Big Data concern vast volume, unpredictable, developing informational collections with various, self-governing sources with the quick advancement of systems administration information stockpiling, and the information accumulation limit, Big Data is presently quickly growing in all science and building areas, including physical, organic and biomedical sciences. This paper exhibits a HACE hypothesis that portrays the highlights of the Big Data upheaval, and proposes a Big Data handling model, from the information mining point of view. This information-driven model includes request driven collection of data sources, mining and investigation, client enthusiasm displaying, and security and protection contemplations. Investigating the testing issues in the information-driven model and furthermore in the Big Data transformation.
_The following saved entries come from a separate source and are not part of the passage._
Lemma pdist_le_at p q u : pdist p q <= pdist_at p q u.
Proof.
have mp := Rmax_l p.2 q.2; have mq := Rmax_r p.2 q.2; have D0 := Rabs_pos (p.1 - q.1).
rewrite pdistE /pdist_at; case: (Rle_dec (Rmax p.2 q.2) u) => mu.
  have := pmeet_optimal (p := p) (q := q) mu.
  by rewrite (Rabs_right (u - p.2)) ?(Rabs_right (u - q.2)); lra.
have := pmeet_optimal (p := p) (q := q) (Rle_refl _).
have : Rabs (p.1 - q.1) * exp (- Rmax p.2 q.2) <= Rabs (p.1 - q.1) * exp (- u).
  by apply: Rmult_le_compat_l => //; apply: exp_le; lra.
have : 2 * Rmax p.2 q.2 - p.2 - q.2 <= Rabs (u - p.2) + Rabs (u - q.2).
  by rewrite /Rmax; case: Rle_dec; rewrite /Rabs; repeat case: Rcase_abs; lra.
lra.
Qed.

Lemma pdist_at_triangle p q r u1 u2 :
  pdist_at p r (Rmax u1 u2) <= pdist_at p q u1 + pdist_at q r u2.
Proof.
rewrite /pdist_at; have := Rabs_triang (p.1 - q.1) (q.1 - r.1).
rewrite (_ : p.1 - q.1 + (q.1 - r.1) = p.1 - r.1); last ring.
have := Rabs_pos (p.1 - q.1); have := Rabs_pos (q.1 - r.1).
have := exp_pos (- u1); have := exp_pos (- u2).
rewrite /Rmax; case: Rle_dec => u12.
  have : exp (- u2) <= exp (- u1) by apply: exp_le; lra.
  by rewrite /Rabs; repeat case: Rcase_abs; nra.
have : exp (- u1) <= exp (- u2) by apply: exp_le; lra.
by rewrite /Rabs; repeat case: Rcase_abs; nra.
Qed.

Lemma pdist_ge p q : Rabs (p.2 - q.2) + 2 * Rabs (p.1 - q.1) * exp (- pmeet p q) <= pdist p q.
Proof.
have [? ?] := pmeet_ge p q; rewrite pdistE.
by rewrite /Rabs; case: Rcase_abs; lra.
Qed.

Lemma pmeet_sym p q : pmeet p q = pmeet q p.
Proof. by rewrite /pmeet Rabs_minus_sym (Rmax_comm p.2). Qed.

Lemma pdist_at_sym p q u : pdist_at p q u = pdist_at q p u.
Proof. by rewrite /pdist_at (Rabs_minus_sym p.1); ring. Qed.

Lemma pdist_metric : is_metric pdist.
Proof.
split; [|split] => [p q | p q | p q r].
- split=> [d0 | <-].
    have := pdist_ge p q; rewrite d0; have := Rabs_pos (p.2 - q.2).
    have := Rabs_pos (p.1 - q.1); have := exp_pos (- pmeet p q) => ? ? ? ?.
    have e1 : p.1 = q.1.
      have : Rabs (p.1 - q.1) <= 0 by nra.
      by rewrite /Rabs; case: Rcase_abs; lra.
    have e2 : p.2 = q.2.
      have : Rabs (p.2 - q.2) <= 0 by nra.
      by rewrite /Rabs; case: Rcase_abs; lra.
    by rewrite (surjective_pairing p) (surjective_pairing q) e1 e2.
  apply: Rle_antisym; last by have := pdist_ge p p; have := Rabs_pos (p.2 - p.2);
    have := Rmult_le_pos _ _ (Rabs_pos (p.1 - p.1)) (Rlt_le _ _ (exp_pos (- pmeet p p))); lra.
  by apply: Rle_trans (pdist_le_at p p p.2) _; rewrite /pdist_at !Rminus_diag Rabs_R0; lra.
- by rewrite /pdist pmeet_sym pdist_at_sym.
- by apply: Rle_trans (pdist_le_at p r (Rmax (pmeet p q) (pmeet q r))) _; apply: pdist_at_triangle.
Qed.

Lemma pmeet_quasi_ultra p q r : pmeet p r <= Rmax (pmeet p q) (pmeet q r) + ln 2.
Proof.
set M := Rmax (pmeet p q) (pmeet q r).
have pqM : pmeet p q <= M by apply: Rmax_l.
have qrM : pmeet q r <= M by apply: Rmax_r.
have [? ?] := pmeet_ge p q; have [? ?] := pmeet_ge q r.
have ln2 : 0 < ln 2 by rewrite -ln_1; apply: ln_increasing; lra.
rewrite {1}/pmeet; case: Rlt_dec => /= D0; last by apply: Rmax_lub; lra.
apply: Rmax_lub; first by apply: Rmax_lub; lra.
have DM : Rabs (p.1 - r.1) <= 2 * exp M.
  have := Rabs_triang (p.1 - q.1) (q.1 - r.1).
  rewrite (_ : p.1 - q.1 + (q.1 - r.1) = p.1 - r.1); last ring.
  have := pmeet_exp p q; have := pmeet_exp q r; have := exp_le pqM; have := exp_le qrM; lra.
have := ln_le D0 DM; rewrite ln_mult ?ln_exp; [lra | lra | exact: exp_pos].
Qed.

Lemma pdist_hyperbolic : gromov_hyperbolic pdist.
Proof.
have ln2 : 0 <= ln 2 by rewrite -ln_1; apply: ln_le; lra.
apply: (gromov_hyperbolic_of_quasi_ultrametric pdist pmeet snd (ln 2) ln2 pmeet_sym) => [p q r | p q].
  exact: pmeet_quasi_ultra.
have := pmeet_exp_le1 p q; have := Rmult_le_pos _ _ (Rabs_pos (p.1 - q.1)) (Rlt_le _ _ (exp_pos (- pmeet p q))).
by rewrite pdistE; lra.
Qed.


Lemma pdist_vertical x s1 s2 : pdist (x, s1) (x, s2) <= Rabs (s1 - s2).
Proof.
apply: Rle_trans (pdist_le_at _ _ (Rmax s1 s2)) _.
rewrite /pdist_at /= Rminus_diag Rabs_R0 Rmult_0_r Rmult_0_l Rplus_0_r.
by rewrite /Rmax; case: Rle_dec => ?; rewrite /Rabs; repeat case: Rcase_abs; lra.
Qed.

Lemma pdist_horizontal x1 x2 u : pdist (x1, u) (x2, u) <= 2 * Rabs (x1 - x2) * exp (- u).
Proof.
by apply: Rle_trans (pdist_le_at _ _ u) _; rewrite /pdist_at /= Rminus_diag Rabs_R0; lra.
Qed.

(* Geodesics go up, across at height [pmeet p q], and down. *)
Lemma pdist_geodesic : geodesic_space pdist.
Proof.
apply: (geodesic_of_lipschitz_paths pdist_metric) => p q.
have [pu qu] := pmeet_ge p q; set u := pmeet p q in pu qu *.
set L1 := u - p.2; set L2 := 2 * Rabs (p.1 - q.1) * exp (- u); have eu := exp_pos (- u).
have L2_0 : 0 <= L2 by have := Rabs_pos (p.1 - q.1); rewrite /L2; nra.
have L1_0 : 0 <= L1 by rewrite /L1; lra.
have dE : pdist p q = L1 + L2 + (u - q.2) by rewrite pdistE /L1 /L2 -/u; ring.
pose v := (q.1 - p.1) / L2.
pose g1 s := (p.1, p.2 + s); pose g2 s := (p.1 + (s - L1) * v, u).
pose g3 s := (q.1, q.2 + pdist p q - s).
have speed : 2 * Rabs v * exp (- u) <= 1.
  case: L2_0 => [L2_pos | L2_0]; last by rewrite /v -L2_0 /Rdiv Rinv_0 Rmult_0_r Rabs_R0; lra.
  rewrite /v /Rdiv Rabs_mult Rabs_inv (Rabs_pos_eq L2) ?(Rabs_minus_sym q.1); last lra.
  have D0 : Rabs (p.1 - q.1) <> 0 by move=> D0; move: L2_pos; rewrite /L2 D0; lra.
  by apply: Req_le; rewrite /L2; field; split=> //; lra.
have g12 : g1 L1 = g2 L1 by rewrite /g1 /g2 /L1; f_equal; ring.
have g23 : g2 (L1 + L2) = g3 (L1 + L2).
  rewrite /g2 /g3 dE; f_equal; last ring.
  case: L2_0 => [L2_pos | L2_0]; first by rewrite /v; field; lra.
  have : Rabs (p.1 - q.1) = 0 by move: L2_0; rewrite /L2; nra.
  by rewrite /Rabs; case: Rcase_abs => _ D0; rewrite -L2_0; lra.
have g123 : path_concat g1 g2 L1 (L1 + L2) = g3 (L1 + L2).
  by rewrite (path_concat_r g12) //; lra.
exists (path_concat (path_concat g1 g2 L1) g3 (L1 + L2)); split; [|split].
- rewrite !path_concat_l ?/g1 ?Rplus_0_r; try lra.
  exact/esym/surjective_pairing.
- rewrite (path_concat_r g123) /g3; last lra.
  by rewrite Rplus_minus_r -surjective_pairing.
apply: (lipschitz_on_concat pdist_metric g123); first apply: (lipschitz_on_concat pdist_metric g12).
- move=> s t _ st _; apply: Rle_trans (pdist_vertical _ _ _) _.
  by rewrite Rabs_left1; lra.
- move=> s t _ st _; apply: Rle_trans (pdist_horizontal _ _ _) _.
  rewrite (_ : _ - _ = (s - t) * v); last ring.
  by rewrite Rabs_mult Rabs_left1; [nra | lra].
- move=> s t _ st _; apply: Rle_trans (pdist_vertical _ _ _) _.
  by rewrite Rabs_right; lra.
Qed.
Lemma dotp_le_max_dotp w x : Q x -> dotp w x <= max_dotp w.
Proof.
move=> [y [y_simplex def_x]]; rewrite (dotp_minkowski _ def_x).
apply: ler_sum => S admS; apply: simplex_dotp_le (y_simplex S admS) _.
exact/argmaxP/adm_set_neq0.
Qed.

Definition choice_point (b : {set 'I_n} -> 'I_n) : pt R n :=
  fun i => \sum_(S | adm_set e m S) basis_vec R (b S) i.

Lemma choice_point_in b : (forall S, adm_set e m S -> b S \in S) -> Q (choice_point b).
Proof.
move=> bS; exists (fun S => basis_vec R (b S)); split=> // S admS.
exists (fun s => (s == b S)%:R); split=> [s _||i]; first by rewrite ler0n.
  by rewrite (bigD1 (b S)) ?bS //= eqxx big1 ?addr0 // => s /andP[_ /negbTE->].
rewrite (bigD1 (b S)) ?bS //= eqxx mul1r big1 ?addr0 // => s /andP[_ /negbTE->].
by rewrite mul0r.
Qed.

Lemma dotp_choice_point w b :
  dotp w (choice_point b) = \sum_(S | adm_set e m S) w (b S).
Proof.
rewrite (@dotp_minkowski _ _ (fun S => basis_vec R (b S)) _ _ (fun _ => erefl)).
by apply: eq_bigr => S _; rewrite dotp_basis_vec.
Qed.

Lemma face_wE w x : face_w Q w x <-> Q x /\ dotp w x = max_dotp w.
Proof.
split=> [[Qx xmax]|[Qx eq_x]]; last by split=> // y; rewrite eq_x; apply: dotp_le_max_dotp.
split=> //; apply/le_anti; rewrite dotp_le_max_dotp //=.
have /xmax : Q (choice_point (argmax w)).
  by apply: choice_point_in => S /adm_set_neq0 /(argmaxP w)[].
by rewrite dotp_choice_point.
Qed.

Lemma face_w_neq0 w : exists x, face_w Q w x.
Proof.
exists (choice_point (argmax w)); apply/face_wE; rewrite dotp_choice_point.
by split=> //; apply: choice_point_in => S /adm_set_neq0 /(argmaxP w)[].
Qed.

(* Replace the [w0]-maximizer chosen in [S] by [u]: the point stays on the [w0]-face. *)
Lemma normal_cone_argmax_refines w0 w :
  normal_cone Q (face_w Q w0) w -> argmax_refines e m w0 w.
Proof.
move=> w_cone S admS u u_w0max.
pose b S' := if S' == S then u else argmax w0 S'.
have b_w0max S' : adm_set e m S' -> argmax_in w0 S' (b S').
  by rewrite /b; case: eqP => [-> //|_ /adm_set_neq0/argmaxP].
have /w_cone/face_wE[_] : face_w Q w0 (choice_point b).
  apply/face_wE; split.
    by apply: choice_point_in => S' admS'; case: (b_w0max S' admS').
  rewrite dotp_choice_point; apply: eq_bigr => S' admS'.
  exact: argmax_in_eq (b_w0max S' admS') (argmaxP w0 (adm_set_neq0 admS')).
rewrite dotp_choice_point => eq_sum.
have le_w S' : adm_set e m S' -> w (b S') <= w (argmax w S').
  by move=> admS'; apply: (argmaxP w (adm_set_neq0 admS')).2; case: (b_w0max S' admS').
have := ler_sum_eq_termwise le_w eq_sum admS; rewrite /b eqxx => wu.
have [_ wmax] := argmaxP w (adm_set_neq0 admS).
by split=> [|t tS]; [case: u_w0max | rewrite wu wmax].
Qed.

Lemma argmax_refines_normal_cone w0 w :
  argmax_refines e m w0 w -> normal_cone Q (face_w Q w0) w.
Proof.
move=> refines x /face_wE[Qx eq_w0]; apply/face_wE; split=> //.
case: (Qx) => y [y_simplex def_x].
rewrite /max_dotp (dotp_minkowski _ def_x); apply: eq_bigr => S admS.
rewrite /max_dotp (dotp_minkowski _ def_x) in eq_w0.
have [w0max wmax] := (argmaxP w0 (adm_set_neq0 admS), argmaxP w (adm_set_neq0 admS)).
apply: simplex_dotp_max (y_simplex S admS) w0max wmax (refines S admS) _.
apply: ler_sum_eq_termwise eq_w0 S admS => S' admS'.
exact: simplex_dotp_le (y_simplex S' admS') (argmaxP w0 (adm_set_neq0 admS')).
Qed.

Lemma normal_cone_face_wE w0 w :
  normal_cone Q (face_w Q w0) w <-> argmax_refines e m w0 w.
Proof.
by split; [apply: normal_cone_argmax_refines | apply: argmax_refines_normal_cone].
Qed.

End GraphPolytope.

Lemma normal_cone_set_eq (R : realType) (n : nat) (P F G : pt R n -> Prop) :
  set_eq F G -> set_eq (normal_cone P F) (normal_cone P G).
Proof. by move=> eqFG w; split=> wF x /eqFG; apply: wF. Qed.

Lemma normally_equivalent_face_w (R : realType) (n : nat) (P Q : pt R n -> Prop) :
  (forall w, exists x, face_w P w x) -> (forall w, exists x, face_w Q w x) ->
  (forall w0 w, normal_cone P (face_w P w0) w <-> normal_cone Q (face_w Q w0) w) ->
  normally_equivalent P Q.
Proof.
move=> P_face Q_face eq_cones; split=> [F [_ [w0 eqF]]|G [_ [w0 eqG]]].
- exists (face_w Q w0); split; first by split; [exact: Q_face | exists w0].
  by move=> w; apply: iff_trans (normal_cone_set_eq P eqF w) (eq_cones w0 w).
- exists (face_w P w0); split; first by split; [exact: P_face | exists w0].
  move=> w; apply: iff_trans (eq_cones w0 w) (iff_sym _).
  exact: normal_cone_set_eq.
Qed.

Section InducedGeodesics.
Variables (n : nat) (e : rel 'I_n) (S : {set 'I_n}) (u : 'I_n).
Hypothesis uS : u \in S.

Fixpoint walk_end (N : nat) : pred 'I_n :=
  if N is N'.+1 then fun x => [exists y, walk_end N' y && induced_rel e S y x]
  else pred1 u.

Definition at_distance (x : 'I_n) (N : nat) : Prop :=
  walk_end N x /\ forall M, walk_end M x -> N <= M.

Lemma connect_walk_end v : connect (induced_rel e S) u v -> exists N, walk_end N v.
Proof.
case/connectP=> p + ->; elim/last_ind: p => [_|p z IHp]; first by exists 0; rewrite /= eqxx.
rewrite rcons_path last_rcons => /andP[/IHp[N walk_p] p_z].
by exists N.+1; apply/existsP; exists (last u p); apply/andP.
Qed.

Lemma walk_end_in N x : walk_end N x -> x \in S.
Proof. by case: N => [/eqP-> //|N] /existsP[y /andP[_ /and3P[]]]. Qed.

Lemma at_distance_uniq x N1 N2 : at_distance x N1 -> at_distance x N2 -> N1 = N2.
Proof. by move=> [walk1 min1] [walk2 min2]; apply/eqP; rewrite eqn_leq min1 ?min2. Qed.

Lemma at_distance_edge x y Nx Ny :
  at_distance x Nx -> at_distance y Ny -> induced_rel e S x y -> Ny <= Nx.+1.
Proof. by move=> [walk_x _] [_ min_y] xy; apply/min_y/existsP; exists x; apply/andP. Qed.

Lemma at_distance_pred v N :
  at_distance v N.+1 -> exists2 y, at_distance y N & induced_rel e S y v.
Proof.
case=> /existsP[y /andP[walk_y yv]] min_v; exists y => //; split=> // M walk_M.
by rewrite -ltnS; apply: min_v; apply/existsP; exists y; apply/andP.
Qed.

Lemma geodesic_exists v N : at_distance v N -> exists g : nat -> 'I_n,
  [/\ g N = v, forall j, j <= N -> at_distance (g j) j &
      forall j, j < N -> induced_rel e S (g j) (g j.+1)].
Proof.
elim: N v => [|N IHN] v dist_v.
  by exists (fun=> v); split=> // j; rewrite leqn0 => /eqP->.
have [y /IHN[g [gN g_dist g_edge]] yv] := at_distance_pred dist_v.
exists (fun j => if j == N.+1 then v else g j); split=> [||j]; first by rewrite eqxx.
  by move=> j; rewrite leq_eqVlt; case: eqP => [-> //|_]; apply: g_dist.
rewrite ltnS => le_jN; rewrite (ltn_eqF (leq_ltn_trans le_jN (ltnSn N))) eqSS.
by case: eqP => [->|/eqP ne_jN]; rewrite ?gN //; apply: g_edge; rewrite ltn_neqAle ne_jN.
Qed.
The system is able to collaborate all of the common data into one object for easier analysis.
scite is a Brooklyn-based organization that helps researchers better discover and understand research articles through Smart Citations–citations that display the context of the citation and describe whether the article provides supporting or contrasting evidence. scite is used by students and researchers from around the world and is funded in part by the National Science Foundation and the National Institute on Drug Abuse of the National Institutes of Health.
customersupport@researchsolutions.com
10624 S. Eastern Ave., Ste. A-614
Henderson, NV 89052, USA
This site is protected by reCAPTCHA and the Google Privacy Policy and Terms of Service apply.
Copyright © 2025 scite LLC. All rights reserved.
Made with 💙 for researchers
Part of the Research Solutions Family.